■ What the exercise asks ■
Among the entries below, please repeat exactly and only the lines from the line containing "prod_lt (mvec w j b) (mvec w i a) ->" to the line containing "split=> [a_ge2 _ | _ _].", both lines included.
(Records shown Opens)
(* Let $\omega\in S_n$ and $1\le i<j\le n$ with $c_i(\omega),c_j(\omega)>0$, and let $a\in[c_i(\omega)]$, $b\in[c_j(\omega)]$ with $m_{i,a}(\omega)>m_{j,b}(\omega)$. (1) If $a,b\ge 2$, then $m_{i,a-1}(\omega)>m_{j,b-1}(\omega)$. (2) If $a<c_i(\omega)$ and $b<c_j(\omega)$, then $m_{i,a+1}(\omega)>m_{j,b+1}(\omega)$.
   Context: Permutations $\omega\in S_n$ are written in one-line notation. Let ${\rm Inv}(\omega)=\{(i,j): 1\le i<j\le n,\ \omega(i)>\omega(j)\}$, $c_i(\omega)=\#\{j: i<j\le n,\ \omega(i)>\omega(j)\}$, and for $i<j$, $c_{i,j}(\omega)=\#\{k: i<k<j,\ \omega(i)>\omega(k)\}$; $[m]=\{1,\dots,m\}$. For $i$ with $c_i(\omega)>0$ and $x\in[c_i(\omega)]$, $m_{i,x}(\omega)\in\mathbb{N}^n$ has $j$-th coordinate $0$ if $j<i$; $x$ if $j=i$; $0$ if $j>i$ and $(i,j)\in{\rm Inv}(\omega)$; $\max\{0,x-c_{i,j}(\omega)\}$ if $j>i$ and $(i,j)\notin{\rm Inv}(\omega)$. Comparisons $<,>$ are strict comparisons in the product order on $\mathbb{N}^n$ ($u\le v$ iff $u_k\le v_k$ for all $k$). *)

From mathcomp Require Import all_boot all_order all_algebra all_fingroup.
Set Implicit Arguments. Unset Strict Implicit. Unset Printing Implicit Defensive.

(* Positions 1..n of the paper are represented by 'I_n (0..n-1);
   a permutation omega in S_n is a w : 'S_n, with omega(i) read as w i. *)

Definition cnt (n : nat) (w : 'S_n) (i : 'I_n) : nat :=
  #|[set j : 'I_n | (i < j) && (w j < w i)]|.

Definition cnt2 (n : nat) (w : 'S_n) (i j : 'I_n) : nat :=
  #|[set k : 'I_n | [&& i < k, k < j & w k < w i]]|.

(* m_{i,x}(w) in N^n; (i,j) in Inv(w) iff i < j and w i > w j.
   max{0, x - c_{i,j}} is the truncated subtraction x - c_{i,j} on nat. *)
Definition mvec (n : nat) (w : 'S_n) (i : 'I_n) (x : nat) : {ffun 'I_n -> nat} :=
  [ffun j : 'I_n =>
     if j < i then 0
     else if j == i then x
     else if w j < w i then 0
     else x - cnt2 w i j].

Definition prod_le (n : nat) (u v : {ffun 'I_n -> nat}) : bool :=
  [forall k, u k <= v k].

Definition prod_lt (n : nat) (u v : {ffun 'I_n -> nat}) : bool :=
  prod_le u v && (u != v).

From mathcomp Require Import all_boot all_order all_algebra all_fingroup zify.
Set Implicit Arguments. Unset Strict Implicit. Unset Printing Implicit Defensive.

(* For i < j and b > 0, the comparison m_{j,b} <= m_{i,a} in the product
   order is equivalent to three conditions (mvec_le_elim, mvec_le_intro):
   w(i) < w(j), b <= a - c_{i,j}, and b - c_{j,k} <= a - c_{i,k} for every
   k > j with w(j) < w(k); all other coordinates of m_{j,b} vanish.
   Strictness is automatic, since the i-th coordinates are 0 and a
   (mvec_neq).  Hence the theorem reduces to arithmetic on these
   conditions: lowering a and b by one preserves them by monotonicity of
   truncated subtraction, and raising both by one preserves them thanks to
   the subadditivity c_{i,k} <= c_{i,j} + c_{j,k} for w(i) < w(j)
   (cnt2_subadditive). *)

Section Mvec.

Variables (n : nat) (w : 'S_n).

Lemma mvec_before (i k : 'I_n) (x : nat) : k < i -> mvec w i x k = 0.
Proof. by move=> lt_ki; rewrite ffunE lt_ki. Qed.

Lemma mvec_diag (i : 'I_n) (x : nat) : mvec w i x i = x.
Proof. by rewrite ffunE ltnn eqxx. Qed.

Lemma mvec_after (i k : 'I_n) (x : nat) : i < k ->
  mvec w i x k = if w k < w i then 0 else x - cnt2 w i k.
Proof.
move=> lt_ik; have ne_ki : (k == i) = false by apply/negbTE; rewrite neq_ltn lt_ik orbT.
by rewrite ffunE ltnNge (ltnW lt_ik) ne_ki.
Qed.

(* For w(i) < w(j), each k in (j, l) counted by c_{i,l} is counted by
   c_{i,j} (if k < j) or by c_{j,l} (if k > j); k = j is never counted. *)
Lemma cnt2_subadditive (i j l : 'I_n) : i < j -> j < l -> w i < w j ->
  cnt2 w i l <= cnt2 w i j + cnt2 w j l.
Proof.
move=> lt_ij lt_jl lt_w; rewrite /cnt2.
apply: leq_trans (leq_card_setU _ _); apply: subset_leq_card.
apply/subsetP => k; rewrite !inE => /and3P [lt_ik lt_kl lt_wki].
case: (ltngtP k j) => [lt_kj | lt_jk | /val_inj eq_kj].
- by rewrite lt_ik lt_wki.
- by rewrite lt_kl (ltn_trans lt_wki lt_w) orbT.
- by move: lt_wki; rewrite eq_kj ltnNge (ltnW lt_w).
Qed.

Lemma mvec_neq (i j : 'I_n) (x y : nat) : i < j -> 0 < x ->
  mvec w j y != mvec w i x.
Proof.
move=> lt_ij x_gt0; apply/negP => /eqP /ffunP /(_ i).
by rewrite mvec_before // mvec_diag => x0; rewrite -x0 in x_gt0.
Qed.

Definition mvec_le_cond (i j : 'I_n) (x y : nat) : Prop :=
  [/\ w i < w j, y <= x - cnt2 w i j &
      forall k : 'I_n, j < k -> w j < w k -> y - cnt2 w j k <= x - cnt2 w i k].

Lemma mvec_le_elim (i j : 'I_n) (x y : nat) : i < j -> 0 < y ->
  prod_le (mvec w j y) (mvec w i x) -> mvec_le_cond i j x y.
Proof.
move=> lt_ij y_gt0 /forallP le_m.
have := le_m j; rewrite mvec_diag mvec_after //.
case: ifP => [_ | /negbT]; first by rewrite leqn0 => /eqP y0; rewrite y0 in y_gt0.
rewrite -leqNgt leq_eqVlt => /orP [/eqP /val_inj /perm_inj eq_ji | lt_w].
  by move: lt_ij; rewrite eq_ji ltnn.
move=> le_yx; split=> // k lt_jk lt_wjk.
have := le_m k; rewrite !mvec_after ?(ltn_trans lt_ij) //.
by rewrite ltnNge (ltnW lt_wjk) ltnNge (ltnW (ltn_trans lt_w lt_wjk)).
Qed.

Lemma mvec_le_intro (i j : 'I_n) (x y : nat) : i < j ->
  mvec_le_cond i j x y -> prod_le (mvec w j y) (mvec w i x).
Proof.
move=> lt_ij [lt_w le_yx le_after]; apply/forallP => k.
case: (ltngtP k j) => [lt_kj | lt_jk | /val_inj ->].
- by rewrite mvec_before.
- have lt_ik := ltn_trans lt_ij lt_jk.
  rewrite !mvec_after //; case: ifPn => // /negbTE; rewrite ltnNge => /negbFE.
  rewrite leq_eqVlt => /orP [/eqP /val_inj /perm_inj eq_jk | lt_wjk].
    by move: lt_jk; rewrite eq_jk ltnn.
  by rewrite ltnNge (ltnW (ltn_trans lt_w lt_wjk)) /= le_after.
- by rewrite mvec_diag mvec_after // ltnNge (ltnW lt_w).
Qed.

Lemma mvec_lt_intro (i j : 'I_n) (x y : nat) : i < j -> 0 < x ->
  mvec_le_cond i j x y -> prod_lt (mvec w j y) (mvec w i x).
Proof.
by move=> lt_ij x_gt0 cond; rewrite /prod_lt mvec_le_intro ?mvec_neq.
Qed.

End Mvec.

Theorem mainTheorem3 (n : nat) (w : 'S_n) (i j : 'I_n) (a b : nat) :
  i < j ->
  0 < cnt w i -> 0 < cnt w j ->
  1 <= a <= cnt w i -> 1 <= b <= cnt w j ->
  prod_lt (mvec w j b) (mvec w i a) ->
  (2 <= a -> 2 <= b -> prod_lt (mvec w j b.-1) (mvec w i a.-1)) /\
  (a < cnt w i -> b < cnt w j -> prod_lt (mvec w j b.+1) (mvec w i a.+1)).
Proof.
move=> lt_ij _ _ /andP [a_gt0 _] /andP [b_gt0 _] /andP [le_ba _].
have [lt_w le_ij le_after] := mvec_le_elim lt_ij b_gt0 le_ba.
split=> [a_ge2 _ | _ _].
- (* lowering both parameters: truncated subtraction is monotone *)
  apply: mvec_lt_intro => //; first by lia.
  split=> // [|k lt_jk lt_wjk]; first by lia.
  by have := le_after k lt_jk lt_wjk; lia.
- (* raising both parameters: c_{i,k} <= c_{i,j} + c_{j,k} *)
  apply: mvec_lt_intro => //; split=> // [|k lt_jk lt_wjk]; first by lia.
  by move: le_ij (cnt2_subadditive lt_ij lt_jk lt_w) b_gt0; clear; lia.
Qed.
Definition subQ (S : Q -> Prop) : Prop :=
  [/\ S 0, (forall x y, S x -> S y -> S (x + y)) & (forall (c : R) x, S x -> S (c%:F * x))].

Definition Rset : Q -> Prop := fun q => exists s : R, q = s%:F.
Definition invR (r : R) : Q -> Prop := fun q => exists s : R, q = s%:F / r%:F.

Definition cls (A : Q -> Prop) (x : Q) : Q -> Prop := fun y => A (y - x).

(* the quotient module J'/A, elements are the cosets x + A with x in J' *)
Definition quotT (J' A : Q -> Prop) : Type :=
  {C : Q -> Prop | exists x, J' x /\ C = cls A x}.

Definition qadd (A : Q -> Prop) (C D : Q -> Prop) : Q -> Prop :=
  fun z => exists x y, [/\ C x, D y & A (z - (x + y))].
Definition qscale (A : Q -> Prop) (c : R) (C : Q -> Prop) : Q -> Prop :=
  fun z => exists x, C x /\ A (z - c%:F * x).

Definition quot_iso (J1 A1 J2 A2 : Q -> Prop) : Prop :=
  exists g : quotT J1 A1 -> quotT J2 A2,
  [/\ bijective g,
      (forall c d e : quotT J1 A1, sval e = qadd A1 (sval c) (sval d) ->
          sval (g e) = qadd A2 (sval (g c)) (sval (g d))) &
      (forall (s : R) (c e : quotT J1 A1), sval e = qscale A1 s (sval c) ->
          sval (g e) = qscale A2 s (sval (g c)))].

Variable U : lmodType R.

Definition submod (S : U -> Prop) : Prop :=
  [/\ S 0, (forall x y, S x -> S y -> S (x + y)) & (forall (c : R) x, S x -> S (c *: x))].

Definition uniserial : Prop :=
  forall S T : U -> Prop, submod S -> submod T ->
    (forall x, S x -> T x) \/ (forall x, T x -> S x).

Definition standard : Prop :=
  exists J' A : Q -> Prop, [/\ subQ J', subQ A, (forall x, A x -> J' x) &
    exists g : U -> quotT J' A,
    [/\ bijective g,
        (forall u v, sval (g (u + v)) = qadd A (sval (g u)) (sval (g v))) &
        (forall (s : R) u, sval (g (s *: u)) = qscale A s (sval (g u)))]].

Definition non_standard : Prop := ~ standard.

Definition AnnQ (a : U) : Q -> Prop := fun q => exists s : R, q = s%:F /\ s *: a = 0.
Definition Dset (a : U) : Q -> Prop :=
  fun q => exists r : R, [/\ r != 0, (exists u : U, a = r *: u) & invR r q].

(* U has type J/A (witnessed at some a <> 0; independent of a) *)
Definition has_type (J A : Q -> Prop) : Prop :=
  exists a : U, a != 0 /\ quot_iso J A (Dset a) (AnnQ a).

Definition cycl (a : U) : U -> Prop := fun u => exists s : R, u = s *: a.

Definition is_iso_cyc (a : U) (r : R)
    (phi : {u : U | cycl a u} -> quotT (invR r) Rset) : Prop :=
  [/\ bijective phi,
      (forall u v w : {u : U | cycl a u}, sval w = sval u + sval v ->
          sval (phi w) = qadd Rset (sval (phi u)) (sval (phi v))) &
      (forall (s : R) (u w : {u : U | cycl a u}), sval w = s *: sval u ->
          sval (phi w) = qscale Rset s (sval (phi u)))].

Definition Iso_set (a : U) (r : R) : Type :=
  {phi : {u : U | cycl a u} -> quotT (invR r) Rset | is_iso_cyc phi}.

Definition extends (a a' : U) (r r' : R)
    (phi : Iso_set a' r') (psi : Iso_set a r) : Prop :=
  forall (u : {u : U | cycl a u}) (u' : {u : U | cycl a' u}),
    sval u = sval u' -> sval (sval phi u') = sval (sval psi u).

Definition special_family (I : Type) (lt : I -> I -> Prop) (r : I -> R) (a : I -> U)
    (f : forall s : I, Iso_set (a s) (r s) -> rat) : Prop :=
  forall (sg rho : I), lt sg rho ->
    forall (phi : Iso_set (a rho) (r rho)) (psi : Iso_set (a sg) (r sg)),
      extends phi psi -> f sg psi < f rho phi.

End Defs.

Definition Jtype (R : idomainType) (I : Type) (r : I -> R) : {fraction R} -> Prop :=
  fun q => exists s : I, invR (r s) q.

From mathcomp Require Import all_boot all_order all_algebra generic_quotient.
From mathcomp Require Import ring.
From Stdlib Require Import FunctionalExtensionality PropExtensionality ProofIrrelevance ClassicalEpsilon Classical.
Set Implicit Arguments. Unset Strict Implicit. Unset Printing Implicit Defensive.
Import Order.TTheory GRing.Theory Num.Theory.
Local Open Scope ring_scope.

(* Suppose [U] is standard, say [U ~= J'/A]; choosing representatives gives
   [rho : U -> Q] inducing an embedding [U -> Q/A].  For a non-unit [r_s],
   [Ann(a_s) = r_s R] forces [A = t R] with [t = r_s rho(a_s)] (here the
   valuation property is used), so [rho / t] induces an embedding [U -> Q/R].
   Its restrictions to the cyclic submodules [a_s R] are isomorphisms onto
   [r_s^-1 R / R] which extend one another, so a special family would give a
   strictly increasing map from [omega_1] into the countable set [rat].  If all
   [r_s] are units, every [a_s] vanishes and the zero map plays the role of
   [rho]. *)

Local Notation "x %:F" := (@tofrac _ x).

Lemma predext (T : Type) (P Q : T -> Prop) : (forall z, P z <-> Q z) -> P = Q.
Proof.
by move=> PQ; apply: functional_extensionality => z; apply: propositional_extensionality.
Qed.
(Records shown Closes)
■ Solution for this problem ■
  prod_lt (mvec w j b) (mvec w i a) ->
  (2 <= a -> 2 <= b -> prod_lt (mvec w j b.-1) (mvec w i a.-1)) /\
  (a < cnt w i -> b < cnt w j -> prod_lt (mvec w j b.+1) (mvec w i a.+1)).
Proof.
move=> lt_ij _ _ /andP [a_gt0 _] /andP [b_gt0 _] /andP [le_ba _].
have [lt_w le_ij le_after] := mvec_le_elim lt_ij b_gt0 le_ba.
split=> [a_ge2 _ | _ _].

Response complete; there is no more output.